One quiet Sunday morning I heard a beautiful sound.  The noise appeared to be coming from my back garden.  I leapt from my bed, drew back the curtains and looking down I was surprised to see a choir of birds singing away.  Now you may not think this to be an unusual thing, however for the last two years I have been trying to attract birds to my garden and all to no avail.  This Sunday morning there were blue tits and chaffinch alongside gold finch and thrush.  Their song was not a cacophony of noise, but worship of God.

Thursday 10 October 2013

100wc Week 5

Time disappeared last weekend and I didn't managed to have a go at the challenge which the children completed.  Must focus this week.

Biblical womanhood

4 years or so ago my life was blessed and enriched by a fabulous group of women who came together to form 'Shall we Dance?'. 'Shall we dance?' is a Bible study group the came together to explore what our individual dance with God was. Were we dancing the Rumba or the Waltz? The success of Strictly Come Dancing on the BBC provided a plethora of examples to consider.

Some years later we find ourselves on a new journey of exploration.  This evening we have begun our journey through a year of biblical womanhood. 
A year of biblical womanhood is written by Rachel Held Evans. 

Our journey begins with a month of Gentleness.  Each of us in the group have chosen our commitment for this month.  I have made 3 which fit with the theme for the month.

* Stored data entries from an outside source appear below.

(* Let $R=\mathbb{C}[z_1,\dots,z_n]$. Let $f_1,\dots,f_P,g\in R$ be homogeneous polynomials of degree $m$ such that $\{f_1,\dots,f_P,g\}$ is linearly independent over $\mathbb{C}$, and let $I^+=\langle f_1,\dots,f_P\rangle$ and $I^-=\langle g\rangle$. If $I^-_{m+1}\subseteq I^+_{m+1}$, then $n\le 3$ implies $P\ge n$. Moreover, for every $n\ge 4$ there exist such $f_1,\dots,f_P,g$ (linearly independent, homogeneous of a common degree $m$) with $I^-_{m+1}\subseteq I^+_{m+1}$ and $P<n$.
   Context: For a homogeneous ideal $I\subseteq R$, $I_{d}$ denotes its homogeneous component of degree $d$, i.e. the $\mathbb{C}$-vector space of homogeneous polynomials of degree $d$ lying in $I$. *)

From HB Require Import structures.
From mathcomp Require Import all_boot all_order all_algebra.
From mathcomp Require Import Rstruct.
From mathcomp Require Import complex.
From mathcomp Require Import mpoly.

Set Implicit Arguments. Unset Strict Implicit. Unset Printing Implicit Defensive.
Import Order.TTheory GRing.Theory Num.Theory.
Local Open Scope ring_scope.

Definition CC : Type := complex Rdefinitions.R.

Definition in_ideal (n P : nat) (f : 'I_P -> {mpoly CC[n]}) (p : {mpoly CC[n]}) : Prop :=
  exists q : 'I_P -> {mpoly CC[n]}, p = \sum_(i < P) q i * f i.

Definition in_ideal_deg (n P : nat) (f : 'I_P -> {mpoly CC[n]}) (d : nat)
  (p : {mpoly CC[n]}) : Prop :=
  p \is d.-homog /\ in_ideal f p.

Definition lin_indep_fg (n P : nat) (f : 'I_P -> {mpoly CC[n]}) (g : {mpoly CC[n]}) : Prop :=
  forall (c : 'I_P -> CC) (c0 : CC),
    \sum_(i < P) c i *: f i + c0 *: g = 0 -> (forall i, c i = 0) /\ c0 = 0.

Definition good_config (n m P : nat) (f : 'I_P -> {mpoly CC[n]}) (g : {mpoly CC[n]}) : Prop :=
  [/\ (forall i, f i \is m.-homog), g \is m.-homog, lin_indep_fg f g &
      (forall p, in_ideal_deg (fun _ : 'I_1 => g) m.+1 p -> in_ideal_deg f m.+1 p)].

(* Write l_e := \sum_i e_i X_i for a row vector e.  As f and g have degree m,
   the hypothesis says that X_i g = \sum_j l_(a_ij) f_j with linear coefficients,
   i.e. l_e g = \sum_j l_(e A_j) f_j for some matrices A_j.  Replacing g by
   g - \sum_j a_j f_j replaces A_j by A_j - a_j, so using left eigenvectors we
   may assume every A_j singular.  For P <= 1 this gives l_c g = 0 with c <> 0,
   so g = 0.  For P = 2, take c A_0 = 0 = d A_1: then l_c g = l_(c A_1) f_1 and
   l_d g = l_(d A_0) f_0, and since a linear form is prime, g = l_(c A_1) h =
   l_(d A_0) k with f_1 = l_c h and f_0 = l_d k.  If l_(c A_1) and l_(d A_0) are
   independent then g = l_(c A_1) l_(d A_0) r, and cancelling linear factors in
   the syzygies puts every vector in the span of c and d, whence n <= 2.
   Otherwise g, f_0, f_1 are h times linear forms l, l_0, l_1 with
   X_i l in (l_0, l_1) for all i; evaluating at a common zero of l_0 and l_1
   puts l in the span of l_0 and l_1, contradicting linear independence.
   For n >= 4 the family f_0 = x_0^2, f_1 = x_1^2, f_j = x_0 x_j + x_1 x_(j+1)
   (2 <= j <= n - 2), g = x_0 x_1 has P = n - 1. *)

From HB Require Import structures.
From mathcomp Require Import all_boot all_order all_algebra.
From mathcomp Require Import Rstruct complex mpoly.
From mathcomp Require Import ring zify.
Set Implicit Arguments. Unset Strict Implicit. Unset Printing Implicit Defensive.
Import GRing.Theory.
Local Open Scope ring_scope.

Lemma sum_ord2 (V : nmodType) (F : 'I_2 -> V) : \sum_(j < 2) F j = F 0 + F 1.
Proof. by rewrite big_ord_recr big_ord1; congr (F _ + F _); apply: val_inj. Qed.

Lemma submx1_adds_rV (F : fieldType) n (c d : 'rV[F]_n) :
  (1%:M <= c + d)%MS -> (n <= 2)%N.
Proof.
move/mxrankS; rewrite mxrank1 => /leq_trans; apply.
apply: leq_trans (mxrank_adds_leqif c d).1 _.
exact: leq_add (rank_leq_row c) (rank_leq_row d).
Qed.

Lemma exists_left_eigenvector (F : closedFieldType) n (A : 'M[F]_n.+1) :
  exists a, exists2 c : 'rV_n.+1, c != 0 & c *m (A - a%:M) = 0.
Proof.
have /closed_rootP[a] : size (char_poly A) != 1%N by rewrite size_char_poly.
rewrite -eigenvalue_root_char => /eigenvalueP[c cA c_neq0]; exists a, c => //.
by rewrite mulmxBr mul_mx_scalar cA subrr.
Qed.

Lemma dhomogXU (R : nzRingType) n (i : 'I_n) : ('X_i : {mpoly R[n]}) \is 1.-homog.
Proof. by rewrite dhomogX /= mdeg1. Qed.

Lemma dhomogXUM (R : nzRingType) n (i j : 'I_n) :
  ('X_i * 'X_j : {mpoly R[n]}) \is 2.-homog.
Proof. exact: dhomogM (dhomogXU R i) (dhomogXU R j). Qed.

Lemma pihomogM_homog (R : nzRingType) n d e (q p : {mpoly R[n]}) :
  p \is e.-homog ->
  pihomog mdeg (d + e) (q * p) = pihomog mdeg d q * p.
Proof.
move=> p_homog.
rewrite {1}(pihomog_partitionE (mf := mdeg) (leq_maxl (msize q) d.+1)) mulr_suml.
rewrite raddf_sum /= (bigD1 (Ordinal (leq_maxr (msize q) d.+1))) //=.
rewrite pihomog_dE ?dhomogM ?pihomogP // big1 ?addr0 // => k k_neq_d.
apply: pihomog_ne0 (dhomogM (pihomogP mdeg k q) p_homog).
by rewrite eqn_add2r; apply: contra k_neq_d => /eqP k_eq_d; apply/eqP/val_inj.
Qed.

Lemma dvd_sub_comp_mpoly (R : comNzRingType) n (l : {mpoly R[n]})
    (s : n.-tuple {mpoly R[n]}) :
  (forall i, exists r, 'X_i - ('X_i \mPo s) = l * r) ->
  forall p, exists r, p - (p \mPo s) = l * r.
Proof.
move=> dvdX; pose D p := exists r, p - (p \mPo s) = l * r.
have D_add p q : D p -> D q -> D (p + q).
  move=> [r er] [r' er']; exists (r + r').
  by rewrite raddfD opprD addrACA er er' mulrDr.
have D_mul p q : D p -> D q -> D (p * q).
  move=> [r er] [r' er']; exists (r * q + (p \mPo s) * r').
  by rewrite rmorphM /= mulrDr mulrA -er mulrCA -er'; ring.
have D_scale a p : D p -> D (a *: p).
  by move=> [r er]; exists (a *: r); rewrite linearZ -scalerBr er scalerAr.
have D1 : D 1 by exists 0; rewrite rmorph1 subrr mulr0.
elim/mpolyind => [|a m p _ _ Dp]; first by exists 0; rewrite raddf0 subrr mulr0.
apply: D_add Dp; apply: D_scale; rewrite mpolyXE_id.
apply: (big_ind D D1 D_mul) => i _.
by elim: (m i) => [|k Dk]; rewrite ?expr0 // exprS; apply: D_mul.
Qed.

Definition indep2 (R : nzRingType) (V : lmodType R) (u v : V) :=
  forall x y : R, x *: u + y *: v = 0 -> x = 0 /\ y = 0.

Section Independence.
Variables (R : nzRingType) (V : lmodType R).
Implicit Types u v : V.

Lemma indep2_sym u v : indep2 u v -> indep2 v u.
Proof. by move=> uv x y; rewrite addrC => /uv[]. Qed.

Lemma indep2_neq0 u v : indep2 u v -> u != 0.
Proof.
move=> uv; apply/eqP => u0; have [] := uv 1 0; last by move/eqP; rewrite oner_eq0.
by rewrite u0 scaler0 scale0r addr0.
Qed.

Lemma indep2_neq0r u v : indep2 u v -> v != 0.
Proof. by move/indep2_sym/indep2_neq0. Qed.

End Independence.

Lemma indep2_rV (F : fieldType) n (c c' : 'rV[F]_n) :
  c != 0 -> ~~ (c' <= c)%MS -> indep2 c c'.
Proof.
move=> c_neq0 c'_notin x y xy0.
have [y0|y_neq0] := eqVneq y 0.
  move: xy0; rewrite y0 scale0r addr0 => /eqP.
  by rewrite scaler_eq0 (negbTE c_neq0) orbF => /eqP.
case/negP: c'_notin; apply/sub_rVP; exists (- (x / y)).
apply: (scalerI y_neq0); rewrite scalerA mulrN mulrCA divff // mulr1 scaleNr.
by apply/eqP; rewrite -addr_eq0 addrC xy0.
Qed.

Section LinearForms.
Variables (F : fieldType) (n : nat).
Local Notation MP := {mpoly F[n]}.
Implicit Types (c d e : 'rV[F]_n) (p q : MP).

Definition linform c : MP := \sum_i c 0 i *: 'X_i.

Fact linform_is_linear : linear linform.
Proof.
move=> a c d; rewrite /linform scaler_sumr -big_split; apply: eq_bigr => i _.
by rewrite !mxE scalerDl scalerA.
Qed.

HB.instance Definition _ :=
  GRing.isLinear.Build F 'rV[F]_n MP _ linform linform_is_linear.

Lemma linform_delta i : linform (delta_mx 0 i) = 'X_i.
Proof.
rewrite /linform (bigD1 i) //= big1 ?addr0 ?mxE ?eqxx ?scale1r // => j /negbTE.
by rewrite mxE eq_sym => ->; rewrite scale0r.
Qed.

Lemma meval_linform v c : (linform c).@[v] = \sum_i c 0 i * v i.
Proof.
by rewrite /linform raddf_sum; apply: eq_bigr => i _ /=; rewrite mevalZ mevalXU.
Qed.

Lemma linform_inj : injective linform.
Proof.
apply: raddf_inj => c c0; apply/rowP => i.
have := congr1 (meval (fun k => (k == i)%:R)) c0.
rewrite meval_linform meval0 (bigD1 i) //= big1 ?eqxx ?mulr1 ?addr0 ?mxE // => j.
by move/negbTE ->; rewrite mulr0.
Qed.

Lemma linform_eq0 c : (linform c == 0) = (c == 0).
Proof. exact: (raddf_eq0 _ linform_inj). Qed.

Lemma linform_homog c : linform c \is 1.-homog.
Proof. by apply: rpred_sum => i _; rewrite rpredZ ?dhomogXU. Qed.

1. To practice contemplative prayer.
2. To read the book of proverbs.
3. To make and sell in the spirit of the Proverbs wife of chapter 31.

The last few years of my life have held their challenges for me and for the last 3 years I have been learning how to live with depression,  what Winston Churchill described as his black dog. 

For me depression has been more like being a tree without leaves,  always in winter without the nutrients needed to reach spring.  Don't get me wrong it hasn't been this way for  every day of the whole of the last 3 years but winter has been a more prominent season than spring.

As I begin this journey of exploring biblical womanhood,  I also find myself in a black place once again.  The leaves have fallen from the tree and the landscape is barren.  I hope that as this year progresses that spring will come.

Thursday 3 October 2013

Trust

This evening I have been to the circus, to Pirates of the caribena. It was raw and beautiful. What strikes me most when watching these shows is the trust between the performer and their spotter/anchor. It is a trust that is so strong, so real and without any doubt. The connection between the two is electrical, the tension magnetic.

This level of trust reminds me of what it is to have faith. To believe in God is to have faith, Yahoo have trust just as the performer and the spotter trust one another.